#### Task prompt
Give the lines below again exactly, starting with the line that holds "destruct y; simpl;" and going on through the line that holds "(forall m r, eval".

Data for this exercise Block Start

Fixpoint clocked (t : term) (k : nat) : term :=
  match t with
  | Zero => tone
  | Succ => match k with 0 => Zero | S _ => tsucc (tsucc (Proj 1)) end
  | Proj i => if i <? k then tsucc (Proj (S i)) else Zero
  | Comp f gs => clocked_comp (clocked f (length gs)) (map (fun g => clocked g k) gs)
  | Prec f g => match k with
                | 0 => Zero
                | S k' => clocked_prec (clocked f k') (clocked g (S (S k'))) k'
                end
  | Mu f => clocked_mu (clocked f (S k)) k
  end.

Lemma eval_all_nonzero v cs ys : Forall2 (fun c y => eval c v y) cs ys ->
  exists a, eval (all_nonzero cs) v a /\ (a = 0 <-> In 0 ys).
Proof.
  induction 1 as [|c y cs ys h1 _ [a [Ha Hi]]]; simpl.
  - exists 1. split; [apply eval_tone | split; [discriminate | tauto]].
  - eexists. split; [apply (eval_ifz _ _ _ _ _ _ _ h1 (eZero _) Ha)|].
    destruct y; simpl; [tauto|]. rewrite <- Hi. split; [tauto|].
    intros [h|h]; [discriminate | exact h].
Qed.

Lemma eval_clocked_comp cf cg f gs s v :
  (forall ys, length ys = length gs -> eval cf (s :: ys) (opt_code (beval s f ys))) ->
  Forall (fun g => eval (cg g) (s :: v) (opt_code (beval s g v))) gs ->
  eval (clocked_comp cf (map cg gs)) (s :: v) (opt_code (beval s (Comp f gs) v)).
Proof.
  intros Hf Hgs. simpl.
  set (l := map (fun g => beval s g v) gs).
  assert (Hlen : length l = length gs) by apply length_map.
  assert (HF : Forall2 (fun c y => eval c (s :: v) y) (map cg gs) (map opt_code l)).
  { clear Hf. unfold l. rewrite !map_map. induction Hgs; simpl; constructor; auto. }
  clearbody l.
  set (ys := map (fun o => pred (opt_code o)) l).
  assert (Hcall : eval (Comp cf (Proj 0 :: map tpred (map cg gs))) (s :: v)
                    (opt_code (beval s f ys))).
  { econstructor; [constructor; [solve_proj|] | apply Hf; unfold ys; now rewrite length_map].
    replace ys with (map pred (map opt_code l)) by apply map_map. clear - HF.
    induction HF; simpl; constructor; auto using eval_tpred. }
  destruct (eval_all_nonzero _ _ _ HF) as [a [Ha Hzero]].
  pose proof (eval_ifz _ _ _ _ _ _ _ Ha (eZero _) Hcall) as H.
  destruct (all_some l) as [ys'|] eqn:E.
  - apply all_some_Some in E. subst l. rewrite map_map in Hzero.
    replace ys with ys' in H by (unfold ys; rewrite map_map; symmetry; apply map_id).
    destruct a as [|a]; [|exact H].
    destruct (proj1 (in_map_iff _ _ _) (proj1 Hzero eq_refl)) as [y [Hy _]]. discriminate.
  - replace a with 0 in H; [exact H|].
    symmetry. apply Hzero, in_map_iff. exists None. auto using all_some_None.
Qed.

Lemma eval_clocked_prec cf cg f g s n w :
  eval cf (s :: w) (opt_code (beval s f w)) ->
  (forall m r, eval cg (s :: m :: r :: w) (opt_code (beval s g (m :: r :: w)))) ->
  eval (clocked_prec cf cg (length w)) (s :: n :: w) (opt_code (beval s (Prec f g) (n :: w))).
Proof.
  intros Hf Hg. econstructor.
  - apply (eval_app_proj_block _ [n; s] [s; n]).
    solve_args.
  - simpl. induction n as [|n IH]; simpl; [now constructor|].
    econstructor; [exact IH|].
    assert (Hstep : forall r,
      eval (Comp cg ([Proj 2; Proj 0; tpred (Proj 1)] ++ proj_block 3 (length w)))
           (n :: r :: s :: w) (opt_code (beval s g (n :: pred r :: w)))).
    { intros r. econstructor; [|apply Hg].
      apply (eval_app_proj_block _ [s; n; pred r] [n; r; s]).
      solve_args. constructor; [apply eval_tpred; solve_proj | constructor]. }
    destruct (prec_iter _ _ n) as [r|]; simpl.
    + refine (eval_ifz _ _ _ _ (S r) 0 _ _ (eZero _) (Hstep (S r))). solve_proj.
    + refine (eval_ifz _ _ _ _ 0 0 _ _ (eZero _) (Hstep 0)). solve_proj.
Qed.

Data for this exercise Block End

#### Task response
    destruct y; simpl; [tauto|]. rewrite <- Hi. split; [tauto|].
    intros [h|h]; [discriminate | exact h].
Qed.

Lemma eval_clocked_comp cf cg f gs s v :
  (forall ys, length ys = length gs -> eval cf (s :: ys) (opt_code (beval s f ys))) ->
  Forall (fun g => eval (cg g) (s :: v) (opt_code (beval s g v))) gs ->
  eval (clocked_comp cf (map cg gs)) (s :: v) (opt_code (beval s (Comp f gs) v)).
Proof.
  intros Hf Hgs. simpl.
  set (l := map (fun g => beval s g v) gs).
  assert (Hlen : length l = length gs) by apply length_map.
  assert (HF : Forall2 (fun c y => eval c (s :: v) y) (map cg gs) (map opt_code l)).
  { clear Hf. unfold l. rewrite !map_map. induction Hgs; simpl; constructor; auto. }
  clearbody l.
  set (ys := map (fun o => pred (opt_code o)) l).
  assert (Hcall : eval (Comp cf (Proj 0 :: map tpred (map cg gs))) (s :: v)
                    (opt_code (beval s f ys))).
  { econstructor; [constructor; [solve_proj|] | apply Hf; unfold ys; now rewrite length_map].
    replace ys with (map pred (map opt_code l)) by apply map_map. clear - HF.
    induction HF; simpl; constructor; auto using eval_tpred. }
  destruct (eval_all_nonzero _ _ _ HF) as [a [Ha Hzero]].
  pose proof (eval_ifz _ _ _ _ _ _ _ Ha (eZero _) Hcall) as H.
  destruct (all_some l) as [ys'|] eqn:E.
  - apply all_some_Some in E. subst l. rewrite map_map in Hzero.
    replace ys with ys' in H by (unfold ys; rewrite map_map; symmetry; apply map_id).
    destruct a as [|a]; [|exact H].
    destruct (proj1 (in_map_iff _ _ _) (proj1 Hzero eq_refl)) as [y [Hy _]]. discriminate.
  - replace a with 0 in H; [exact H|].
    symmetry. apply Hzero, in_map_iff. exists None. auto using all_some_None.
Qed.

Lemma eval_clocked_prec cf cg f g s n w :
  eval cf (s :: w) (opt_code (beval s f w)) ->
  (forall m r, eval cg (s :: m :: r :: w) (opt_code (beval s g (m :: r :: w)))) ->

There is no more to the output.